Même si le gaz consommé en France ne provient pas directement de la zone de conflit, les marchés européens restent très sensibles aux perturbations internationales. La CRE souligne une augmentation des coûts d’approvisionnement, calculés à partir des cotations du gaz sur la plateforme européenne EEX. Le prix repère repose en effet à 80 % sur l’indice mensuel “month ahead” et à 20 % sur l’indice trimestriel “quarter ahead”, tous deux alimentés par les anticipations des opérateurs de marché. Selon le régulateur, les cours observés entre le 1er et le 31 mai ont intégré les inquiétudes liées à la guerre au Moyen-Orient, faisant remonter les prix du gaz et du pétrole. Un phénomène qui se transmet mécaniquement aux offres indexées proposées aux particuliers.

Les coûts de la transition énergétique pèsent davantage

Au-delà de la seule évolution des marchés, la facture est également tirée vers le haut par l’augmentation des coûts supportés par les fournisseurs. La CRE mentionne notamment la progression du coût des certificats d’économie d’énergie (CEE), un dispositif central de financement de la rénovation énergétique, ainsi que des charges commerciales et des mécanismes de soutien à la production de biogaz. Ces composantes, moins visibles pour les consommateurs, prennent une place croissante dans le prix final du gaz. Elles illustrent l’un des paradoxes de la transition énergétique : une partie de son financement est répercutée sur les factures des ménages.

Hausse des tarifs de réseau : tous les abonnés concernés

L’autre moteur de l’augmentation réside dans les coûts d’acheminement. Au 1er juillet, les tarifs de distribution du gaz progresseront de 5,87 %, conformément à la décision de la CRE relative à l’évolution annuelle de l’ATRD, le tarif d’accès aux réseaux de distribution. Cette hausse est renforcée par l’entrée en vigueur de la nouvelle péréquation gazière nationale. Contrairement à la composante fourniture, cette évolution concerne l’ensemble des consommateurs, y compris ceux ayant opté pour une offre à prix fixe. « Les ménages qui ont souscrit une offre à prix fixe se verront également appliquer l’évolution de la part acheminement », rappelle le régulateur. Pour ces clients, qui représentent environ 40 % des consommateurs résidentiels, l’impact est évalué à environ 1,5 % de hausse moyenne sur la facture.

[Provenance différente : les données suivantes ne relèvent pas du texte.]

(* [cantor_val b] is the point of the middle-thirds Cantor set with ternary
   digits [2 * b n]. *)
Definition cantor_digit b n : R := if b n then 2 / 3 ^+ n.+1 else 0.
Definition cantor_psum b N : R := \sum_(n < N) cantor_digit b n.
Definition cantor_val b : R := sup (range (cantor_psum b)).

Lemma expr3_gt0 n : 0 < (3 : R) ^+ n.
Proof. exact: exprn_gt0. Qed.

Lemma cantor_digit_ge0 b n : 0 <= cantor_digit b n.
Proof. by rewrite /cantor_digit; case: ifP => // _; rewrite divr_ge0 ?ltW ?expr3_gt0. Qed.

Lemma cantor_digit_le b n : cantor_digit b n <= (3 ^+ n)^-1 - (3 ^+ n.+1)^-1.
Proof.
have e : (3 ^+ n)^-1 - (3 ^+ n.+1)^-1 = 2 / 3 ^+ n.+1 :> R.
  by rewrite exprS; field; rewrite gt_eqF ?expr3_gt0.
by rewrite e /cantor_digit; case: ifP => // _; rewrite divr_ge0 ?ltW ?expr3_gt0.
Qed.

Lemma cantor_psumS b N : cantor_psum b N.+1 = cantor_psum b N + cantor_digit b N.
Proof. by rewrite /cantor_psum big_ord_recr. Qed.

Lemma cantor_psum_eq b b' N : (forall n, (n < N)%N -> b n = b' n) ->
  cantor_psum b N = cantor_psum b' N.
Proof. by move=> bb'; apply: eq_bigr => i _; rewrite /cantor_digit bb'. Qed.

Lemma cantor_psumD b N k :
  cantor_psum b N <= cantor_psum b (N + k) <= cantor_psum b N + (3 ^+ N)^-1.
Proof.
suff : cantor_psum b N <= cantor_psum b (N + k) <=
    cantor_psum b N + ((3 ^+ N)^-1 - (3 ^+ (N + k))^-1).
  by have := expr3_gt0 (N + k); rewrite -invr_gt0; lra.
elim: k => [|k]; first by rewrite addn0 subrr addr0 lexx.
rewrite addnS cantor_psumS.
by have := cantor_digit_ge0 b (N + k); have := cantor_digit_le b (N + k); lra.
Qed.

Lemma cantor_psum_le b N M : cantor_psum b M <= cantor_psum b N + (3 ^+ N)^-1.
Proof.
have [/subnKC <-|/ltnW MN] := leqP N M; first by case/andP: (cantor_psumD b N (M - N)).
have /andP[+ _] := cantor_psumD b M (N - M); rewrite subnKC //.
by have := expr3_gt0 N; rewrite -invr_gt0; lra.
Qed.

Lemma cantor_val_ge b N : cantor_psum b N <= cantor_val b.
Proof.
apply: sup_upper_bound; last by exists N.
split; first by exists (cantor_psum b 0), 0%N.
by exists (cantor_psum b 0 + (3 ^+ 0)^-1) => _ [M _ <-]; apply: cantor_psum_le.
Qed.

Lemma cantor_val_le b N : cantor_val b <= cantor_psum b N + (3 ^+ N)^-1.
Proof.
apply: ge_sup; first by exists (cantor_psum b 0), 0%N.
by move=> _ [M _ <-]; apply: cantor_psum_le.
Qed.

Lemma cantor_val_dist b b' N : (forall n, (n < N)%N -> b n = b' n) ->
  `|cantor_val b - cantor_val b'| <= (3 ^+ N)^-1.
Proof.
move=> /cantor_psum_eq e.
have := cantor_val_ge b N; have := cantor_val_le b N.
have := cantor_val_ge b' N; have := cantor_val_le b' N.
by rewrite ler_norml e; lra.
Qed.

(* The digit [2 / 3 ^ (N + 1)] exceeds the whole tail [3 ^ -(N + 1)] after it. *)
Lemma cantor_val_lt b b' N : (forall n, (n < N)%N -> b n = b' n) -> ~~ b N -> b' N ->
  cantor_val b < cantor_val b'.
Proof.
move=> /cantor_psum_eq e /negbTE bN b'N.
have := cantor_val_le b N.+1; have := cantor_val_ge b' N.+1.
rewrite !cantor_psumS /cantor_digit bN b'N e.
by have := expr3_gt0 N.+1; rewrite -invr_gt0; lra.
Qed.

Lemma cantor_val_inj : injective cantor_val.
Proof.
move=> b b' e; apply/funext => n; apply/eqP/negPn/negP => bn.
have [N /eqP bN minN] := ex_minnP (ex_intro (fun n => b n != b' n) n bn).
have agree : (forall n, (n < N)%N -> b n = b' n).
  by move=> m mN; apply/eqP/negPn/negP => /minN; rewrite leqNgt mN.
have [bNt|bNf] := boolP (b N).
- have b'Nf : ~~ b' N by move: bN; rewrite bNt; case: (b' N).
  by have := cantor_val_lt (fun m h => esym (agree m h)) b'Nf bNt; rewrite e ltxx.
- have b'Nt : b' N by move: bN; rewrite (negbTE bNf); case: (b' N).
  by have := cantor_val_lt agree bNf b'Nt; rewrite e ltxx.
Qed.

Lemma expr3_inv_lt (e : R) : 0 < e -> exists N, (3 ^+ N)^-1 < e.
Proof.
move=> e0; set N := Num.bound e^-1; exists N.
have eN : e^-1 < N%:R by apply: archi_boundP; rewrite invr_ge0 ltW.
have N3 : N%:R <= 3 ^+ N :> R by rewrite -natrX ler_nat ltnW // ltn_expl.
by rewrite -(invrK e) ltf_pV2 ?posrE ?expr3_gt0 ?invr_gt0 // (lt_le_trans eN).
Qed.

End cantor_val.

Definition interleave (t s : nat -> bool) (n : nat) : bool :=
  if odd n then s n./2 else t n./2.

Lemma interleave_injl t t' s s' : interleave t s = interleave t' s' -> t = t'.
Proof.
move=> e; apply/funext => n; have := congr1 (fun g => g n.*2) e.
by rewrite /interleave odd_double doubleK.
Qed.

Lemma interleave_injr t : injective (interleave t).
Proof.
move=> s s' e; apply/funext => n; have := congr1 (fun g => g n.*2.+1) e.
by rewrite /interleave /= odd_double /= uphalf_double.
Qed.

Lemma cantor_nbhs_prefix (s : cantor_space) N :
  nbhs s [set s' : cantor_space | forall n, (n < N)%N -> s' n = s n].
Proof.
elim: N => [|N IH]; first by apply: filterS filterT => s' _ n.
have sN : nbhs s [set s' : cantor_space | s' N = s N].
  by apply: (@proj_continuous nat (fun _ => bool) N s [set s N]).
apply: filterS (filterI IH sN) => s' [s's s'N] n.
by rewrite ltnS leq_eqVlt => /predU1P[->|/s's].
Qed.

Lemma perfect_set_range (S T : topologicalType) (g : S -> T) :
  perfect_set [set: S] -> continuous g -> injective g -> closed (range g) ->
  perfect_set (range g).
Proof.
move=> /perfectTP_ex perfS gC gI cg; apply/perfectP; split => //.
apply/seteqP; split => // _ [/set_mem [s _ <-] [V Vgs Vg]].
have [Q [oQ Qs QV]] : exists Q, [/\ open Q, Q s & Q `<=` g @^-1` V].
  by have := gC s V Vgs; rewrite nbhsE => -[Q [oQ Qs] QV]; exists Q.
have Qeq w : Q w -> w = s.
  move=> Qw; apply: gI; suff : (V `&` range g) (g w) by rewrite Vg.
  by split; [exact: QV | exists w].
have [y [z [Qy Qz /eqP []]]] := perfS Q oQ (ex_intro _ s Qs).
by rewrite (Qeq _ Qy) (Qeq _ Qz).
Qed.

Le prix repère, nouvelle boussole du marché

Depuis la disparition des tarifs réglementés du gaz le 1er juillet 2023, le prix repère publié chaque mois par la CRE constitue l’indicateur de référence du marché. Ce prix n’est pas une offre commerciale à laquelle les consommateurs peuvent souscrire. Il sert en revanche de point de comparaison pour évaluer les propositions des fournisseurs et demeure la référence d’indexation d’une grande partie des contrats. À la fin de l’année 2025, la France comptait 10,34 millions de ménages détenteurs d’un contrat de gaz naturel.

Dans un contexte marqué par la volatilité persistante des marchés énergétiques, la hausse annoncée rappelle que le gaz reste particulièrement exposé aux soubresauts géopolitiques internationaux. Trois ans après la fin des tarifs réglementés, les consommateurs français continuent ainsi de subir, directement ou indirectement, les tensions qui traversent le marché mondial de l’énergie.